Нервущиеся, моющиеся, «дышащие» обои в изысканный рисуночек!!! Крутейшая фирма, последний европейский шик!
– Сереженька, я вчера у Поляковых та-акие потрясные обои видела! И Ираида эта распрекрасная важность на себя напустила, ходит с таинственным видом, ровно от директора подзалетела… Импорт. Говорит, что, мол, спецснабжение, тяжело достать, особенно если такие вот, с ромбиком, «Скат» называются, молчать, говорит, просили, чтобы, мол, люде-ей не подводить! Знаю я этих людей! Знаю я, через что она все это достает! Говорит правда, что дорого, аж по одиннадцать рубликов рулончик…
– Й-ёо!!!
– … а ты как хотел?! Зато вещь! Говорит, что на века, не выгорает, не выцветает… Мыть можно! А-а, да что там говорить! Был бы ты мужик, так раздобыл бы! Из под земли бы выкопал, а ты-ы… Ну че морщишься? Неправду, что ль, говорю? Уж ты-то сроду ничего не добудешь! Да что там – не добудешь! Ты и не видишь-то ничего, что под носом творится! Нич-чего ему не надо! Ни жены у него, ни детей никаких нет! Вот говорила мне мама, а я, дура, не слушала! Другие-то вон…

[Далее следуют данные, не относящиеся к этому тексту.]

(* Let $4\le q<\omega$ and let $\mathbf{A}$ be a Monk algebra obtained from $\mathbf{E}^{23}_q$ by splitting. Let $\mathbf{E}$ be any subalgebra of $\mathbf{E}^{23}_q$. Then $\mathbf{A}$ is a special extension of $\mathbf{E}$, i.e., for all diversity atoms $a,b,c$ of $\mathbf{E}$: (1) if not $a=b=c$ and $a;b\ge c$, then $x;y\ge c$ whenever $x,y$ are atoms of $\mathbf{A}$ with $x\le a$ and $y\le b$; and (2) if $a;a\ge a$, then $x;y\cdot a\ne 0$ whenever $x,y$ are atoms of $\mathbf{A}$ with $x,y\le a$.
   Context: Relation algebras are in the sense of Tarski; $1'$ identity, $0'$ its complement, $;$ relative product, $x^{\smile}$ converse, $\overline{x}$ Boolean complement; integral: $1'$ is an atom; symmetric: $x^{\smile}=x$ for all $x$; a diversity atom is an atom below $0'$. For $4\le q<\omega$, $\mathbf{E}^{23}_q$ is the finite symmetric integral relation algebra with $q$ atoms $e_0=1',e_1,\dots,e_{q-1}$ such that $a;b=0'$ for distinct diversity atoms $a,b$ and $a;a=\overline{a}$ for every diversity atom $a$. For atomic relation algebras $\mathbf{A},\mathbf{B}$, $\mathbf{A}$ is obtained from $\mathbf{B}$ by splitting if $\mathbf{B}\subseteq\mathbf{A}$, every atom $x$ of $\mathbf{A}$ is below an atom $c(x)$ of $\mathbf{B}$, and for all atoms $x,y\le0'$ of $\mathbf{A}$: $x;y=c(x);c(y)\cdot0'$ if $x\ne y^{\smile}$, and $x;y=c(x);c(y)$ if $x=y^{\smile}$. A Monk algebra is an atomic symmetric integral relation algebra obtained by splitting from some $\mathbf{E}^{23}_q$, $4\le q<\omega$. *)

From HB Require Import structures.
From mathcomp Require Import all_boot all_order.
Set Implicit Arguments. Unset Strict Implicit. Unset Printing Implicit Defensive.
Import Order.Theory.
Local Open Scope order_scope.

Section RA.
Variables (disp : Order.disp_t) (T : ctbDistrLatticeType disp).
Variables (comp : T -> T -> T) (conv : T -> T) (ident : T).

Definition is_RA : Prop :=
  (forall x y z, comp (comp x y) z = comp x (comp y z)) /\
  (forall x y z, comp (x `|` y) z = comp x z `|` comp y z) /\
  (forall x, comp x ident = x) /\
  (forall x, conv (conv x) = x) /\
  (forall x y, conv (x `|` y) = conv x `|` conv y) /\
  (forall x y, conv (comp x y) = comp (conv y) (conv x)) /\
  (forall x y, comp (conv x) (~` (comp x y)) <= ~` y).

Definition diversity : T := ~` ident.

Definition atom (x : T) : Prop :=
  x != \bot /\ forall y, y <= x -> y = \bot \/ y = x.

Definition ra_atomic : Prop := forall x, x != \bot -> exists2 a, atom a & a <= x.
Definition ra_integral : Prop := atom ident.
Definition ra_symmetric : Prop := forall x, conv x = x.

Definition subalgebra (S : T -> Prop) : Prop :=
  S \bot /\ (forall x y, S x -> S y -> S (x `|` y)) /\
  (forall x, S x -> S (~` x)) /\
  (forall x y, S x -> S y -> S (comp x y)) /\
  (forall x, S x -> S (conv x)) /\ S ident.

Definition atom_in (S : T -> Prop) (x : T) : Prop :=
  [/\ S x, x != \bot & forall y, S y -> y <= x -> y = \bot \/ y = x].

Definition is_E23 (q : nat) (S : T -> Prop) : Prop :=
  subalgebra S /\
  (exists s : seq T, forall x, S x -> x \in s) /\
  (forall x, S x -> conv x = x) /\
  atom_in S ident /\
  (exists2 s : seq T, uniq s /\ size s = q & forall x, atom_in S x <-> x \in s) /\
  (forall a b, atom_in S a -> atom_in S b -> a <= diversity -> b <= diversity ->
         (a != b -> comp a b = diversity) /\ (a = b -> comp a a = ~` a)).

(* the algebra (T, comp, conv, ident) is obtained from its subalgebra B by
   splitting; c(x) is the (unique) atom of B above the atom x *)
Definition split_from (B : T -> Prop) : Prop :=
  subalgebra B /\
  (forall x, atom x -> exists2 c, atom_in B c & x <= c) /\
  (forall x y cx cy, atom x -> atom y -> x <= diversity -> y <= diversity ->
     atom_in B cx -> atom_in B cy -> x <= cx -> y <= cy ->
     (x != conv y -> comp x y = comp cx cy `&` diversity) /\
     (x = conv y -> comp x y = comp cx cy)).

Definition special_extension (E : T -> Prop) : Prop :=
  forall a b c, atom_in E a -> atom_in E b -> atom_in E c ->
    a <= diversity -> b <= diversity -> c <= diversity ->
    (~ (a = b /\ b = c) -> c <= comp a b ->
       forall x y, atom x -> atom y -> x <= a -> y <= b -> c <= comp x y) /\
    (a <= comp a a ->
       forall x y, atom x -> atom y -> x <= a -> y <= a -> comp x y `&` a != \bot).
End RA.

From HB Require Import structures.
From mathcomp Require Import all_boot all_order.
Import Order.Theory.
Local Open Scope order_scope.
Set Implicit Arguments. Unset Strict Implicit.

(* Every atom x <= a of A lies below an atom c(x) <= a of E^23_q, and the
   splitting rule gives x;y >= c(x);c(y) . 0'.  In E^23_q this product is all
   of 0' when c(x) != c(y), and is 0' - c(x) otherwise.  For (1), either c = a,
   and then a != b separates c(x) from c(y), or c is disjoint from a, hence
   below 0' - c(x).  For (2), a <= a;a rules out a = c(x) (since
   c(x);c(x) = -c(x)), so a meets 0' - c(x), which lies below x;y.
   The hypothesis c <= a. *)

Section BooleanFacts.
Variables (disp : Order.disp_t) (T : ctbDistrLatticeType disp).

Lemma meet_neq0 (x y z : T) : x != \bot -> x <= y -> x <= z -> y `&` z != \bot.
Proof.
move=> x0 xy xz; apply: contraNneq x0 => yz0.
by rewrite -lex0 -yz0 lexI xy xz.
Qed.

Lemma le_complx_eq0 (x : T) : x <= ~` x -> x = \bot.
Proof. by move=> xCx; apply/eqP; rewrite -lex0 -(meetxC x) lexI lexx. Qed.

End BooleanFacts.

Section Subalgebras.
Variables (disp : Order.disp_t) (T : ctbDistrLatticeType disp).
Variables (comp : T -> T -> T) (conv : T -> T) (ident : T).
Variable S : T -> Prop.
Hypothesis subS : subalgebra comp conv ident S.

Lemma subalgebraI x y : S x -> S y -> S (x `&` y).
Proof.
case: subS => _ [SU [SC _]] Sx Sy.
by have := SC _ (SU _ _ (SC _ Sx) (SC _ Sy)); rewrite complU !complK.
Qed.

Lemma atom_in_le e a : atom_in S e -> S a -> e `&` a != \bot -> e <= a.
Proof.
case=> Se _ e_min Sa ea0.
have [ea_bot | ea_e] := e_min _ (subalgebraI Se Sa) (leIl _ _).
  by rewrite ea_bot eqxx in ea0.
by rewrite -ea_e leIr.
Qed.

Lemma atom_in_eq a b : atom_in S a -> atom_in S b -> a `&` b != \bot -> a = b.
Proof.
move=> Sa Sb ab0; apply/le_anti/andP; split.
  by apply: atom_in_le => //; case: Sb.
by apply: atom_in_le; [| case: Sa | rewrite meetC].
Qed.

End Subalgebras.

Section SplittingE23.
Variables (disp : Order.disp_t) (T : ctbDistrLatticeType disp).
Variables (comp : T -> T -> T) (conv : T -> T) (ident : T).
Variables (q : nat) (B E : T -> Prop).
Hypothesis E23B : is_E23 comp conv ident q B.
Hypothesis splitB : split_from comp conv ident B.
Hypothesis subE : subalgebra comp conv ident E.
Hypothesis EB : forall x, E x -> B x.

Local Notation "0'" := (diversity ident).

Lemma E23_compIdiv_neq a b : atom_in B a -> atom_in B b -> a <= 0' -> b <= 0' ->
  a != b -> comp a b `&` 0' = 0'.
Proof.
case: E23B => _ [_ [_ [_ [_ table]]]] Ba Bb a0 b0 ab.
by rewrite ((table a b Ba Bb a0 b0).1 ab) meetxx.
Qed.

Lemma E23_compIdiv_ge a b : atom_in B a -> atom_in B b -> a <= 0' -> b <= 0' ->
  0' `&` ~` a <= comp a b `&` 0'.
Proof.
move=> Ba Bb a0 b0; have [<- | ab] := eqVneq a b.
  case: E23B => _ [_ [_ [_ [_ table]]]].
  by rewrite ((table a a Ba Ba a0 a0).2 erefl) meetC.
by rewrite E23_compIdiv_neq // leIl.
Qed.

Lemma split_comp_ge x y cx cy : atom x -> atom y -> x <= 0' -> y <= 0' ->
  atom_in B cx -> atom_in B cy -> x <= cx -> y <= cy ->
  comp cx cy `&` 0' <= comp x y.
Proof.
move=> ax ay x0 y0 Bcx Bcy xcx ycy; case: splitB => _ [_ split_rule].
have [rule_neq rule_eq] := split_rule x y cx cy ax ay x0 y0 Bcx Bcy xcx ycy.
by have [/rule_eq -> | /rule_neq ->] := eqVneq x (conv y); rewrite ?leIl.
Qed.

Lemma atom_below_E_atom x a : atom x -> atom_in E a -> x <= a ->
  exists2 c, atom_in B c & x <= c /\ c <= a.
Proof.
move=> ax Ea xa; case: splitB => subB [above _].
have [c Bc xc] := above x ax; exists c => //; split => //.
apply: (atom_in_le subB Bc); first by apply: EB; case: Ea.
by apply: meet_neq0 xc xa; case: ax.
Qed.

Lemma comp_atoms_ge x y a b cx cy : atom x -> atom y ->
  atom_in E a -> atom_in E b -> a <= 0' -> b <= 0' ->
  atom_in B cx -> atom_in B cy -> x <= cx -> cx <= a -> y <= cy -> cy <= b ->
  (0' `&` ~` cx <= comp x y) /\ (a != b -> 0' <= comp x y).
Proof.
move=> ax ay Ea Eb a0 b0 Bcx Bcy xcx cxa ycy cyb.
have cx0 := le_trans cxa a0; have cy0 := le_trans cyb b0.
have xy_ge := split_comp_ge ax ay (le_trans xcx cx0) (le_trans ycy cy0)
  Bcx Bcy xcx ycy.
split; first exact: le_trans (E23_compIdiv_ge Bcx Bcy cx0 cy0) xy_ge.
move=> ab; rewrite -(E23_compIdiv_neq Bcx Bcy cx0 cy0) //.
apply: contra_neq ab => cxy; apply: (atom_in_eq subE Ea Eb).
by apply: meet_neq0 cxa (_ : cx <= b); [case: Bcx | rewrite cxy].
Qed.

Lemma special_extension_offdiag a b c x y :
  atom_in E a -> atom_in E b -> atom_in E c ->
  a <= 0' -> b <= 0' -> c <= 0' -> ~ (a = b /\ b = c) ->
  atom x -> atom y -> x <= a -> y <= b -> c <= comp x y.
Proof.
move=> Ea Eb Ec a0 b0 c0 not_abc ax ay xa yb.
have [cx Bcx [xcx cxa]] := atom_below_E_atom ax Ea xa.
have [cy Bcy [ycy cyb]] := atom_below_E_atom ay Eb yb.
have [xy_ge xy_div] := comp_atoms_ge ax ay Ea Eb a0 b0 Bcx Bcy xcx cxa ycy cyb.
have [ca | ca] := eqVneq c a.
  rewrite ca; apply: le_trans a0 (xy_div _); apply/eqP => ab.
  by apply: not_abc; rewrite ca ab.
apply: le_trans xy_ge; rewrite lexI c0 /=.
apply: le_trans (_ : ~` a <= ~` cx); last by rewrite leC.
rewrite -disj_leC; apply: contraTT ca => ca0.
by rewrite negbK (atom_in_eq subE Ec Ea ca0).
Qed.

Lemma special_extension_diag a x y : atom_in E a -> a <= 0' -> a <= comp a a ->
  atom x -> atom y -> x <= a -> y <= a -> comp x y `&` a != \bot.
Proof.
move=> Ea a0 a_aa ax ay xa ya.
have [cx Bcx [xcx cxa]] := atom_below_E_atom ax Ea xa.
have [cy Bcy [ycy cya]] := atom_below_E_atom ay Ea ya.
have [xy_ge _] := comp_atoms_ge ax ay Ea Ea a0 a0 Bcx Bcy xcx cxa ycy cya.
have a_ncx : a `&` ~` cx != \bot.
  rewrite disj_leC complK; apply: contraTN a_aa => acx.
  have a_cx : a = cx by apply/le_anti; rewrite acx cxa.
  case: E23B => _ [_ [_ [_ [_ table]]]].
  rewrite -a_cx in Bcx *; rewrite ((table a a Bcx Bcx a0 a0).2 erefl).
  case: Bcx => _ a_neq0 _.
  by apply: contraNN a_neq0 => /le_complx_eq0 ->.
apply: contraNneq a_ncx => xya0; rewrite -lex0 -xya0 lexI leIl andbT.
by apply: le_trans xy_ge; rewrite lexI leIr andbT (le_trans (leIl _ _) a0).
Qed.

End SplittingE23.

Theorem lemma1 (q : nat) (disp : Order.disp_t) (T : ctbDistrLatticeType disp)
  (comp : T -> T -> T) (conv : T -> T) (ident : T)
  (B E : T -> Prop) :
  (4 <= q)%N ->
  is_RA comp conv ident ->
  ra_atomic T -> ra_symmetric conv -> ra_integral ident ->
  is_E23 comp conv ident q B ->
  split_from comp conv ident B ->
  subalgebra comp conv ident E -> (forall x, E x -> B x) ->
  special_extension comp ident E.
Proof.
move=> _ _ _ _ _ E23B splitB subE EB a b c Ea Eb Ec a0 b0 c0; split.
  move=> not_abc _ x y ax ay xa yb.
  exact: (special_extension_offdiag E23B splitB subE EB Ea Eb Ec a0 b0 c0
    not_abc ax ay xa yb).
move=> a_aa x y ax ay xa ya.
exact: (special_extension_diag E23B splitB subE EB Ea a0 a_aa ax ay xa ya).
Qed.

Здоровенный, флегматичный, белесый Сережа, в тридцать восемь лет – начальник снабжения сборочного цеха на "Севмаше", – молчал. По опыту знал, что бесполезно, и мысли в его опытной, многодумной голове текли двумя параллельными, не смешивающимися потоками. Содержание одного из них составляло недоумение: он никак не мог взять в толк, как же это получается, что он каким-то образом все время слушается свою Светку? Любить, – да хрен его знает, какая вообще может быть любовь после семнадцати лет совместного проживания… хотя, конечно, привык… Бояться? Да чего ее вроде бы боятся, ведь уж он-то – и вправду всю жизнь ее кормит, поит, одевает и на курорты возит, и хрен когда она куда от него уйдет, не такая она дура, понимает, чай, что чем треть – так уж лучше всем владеть, и уйдет-то – так не больно и жалко, потому как хоть и привык, а надоела хуже горькой редьки. В рожу – не вцепится, знает, пробовала как-то, так уж да-авно не пробует… А вот поди ж ты, – умеет как-то заставить его напрягаться, черт его знает – почему.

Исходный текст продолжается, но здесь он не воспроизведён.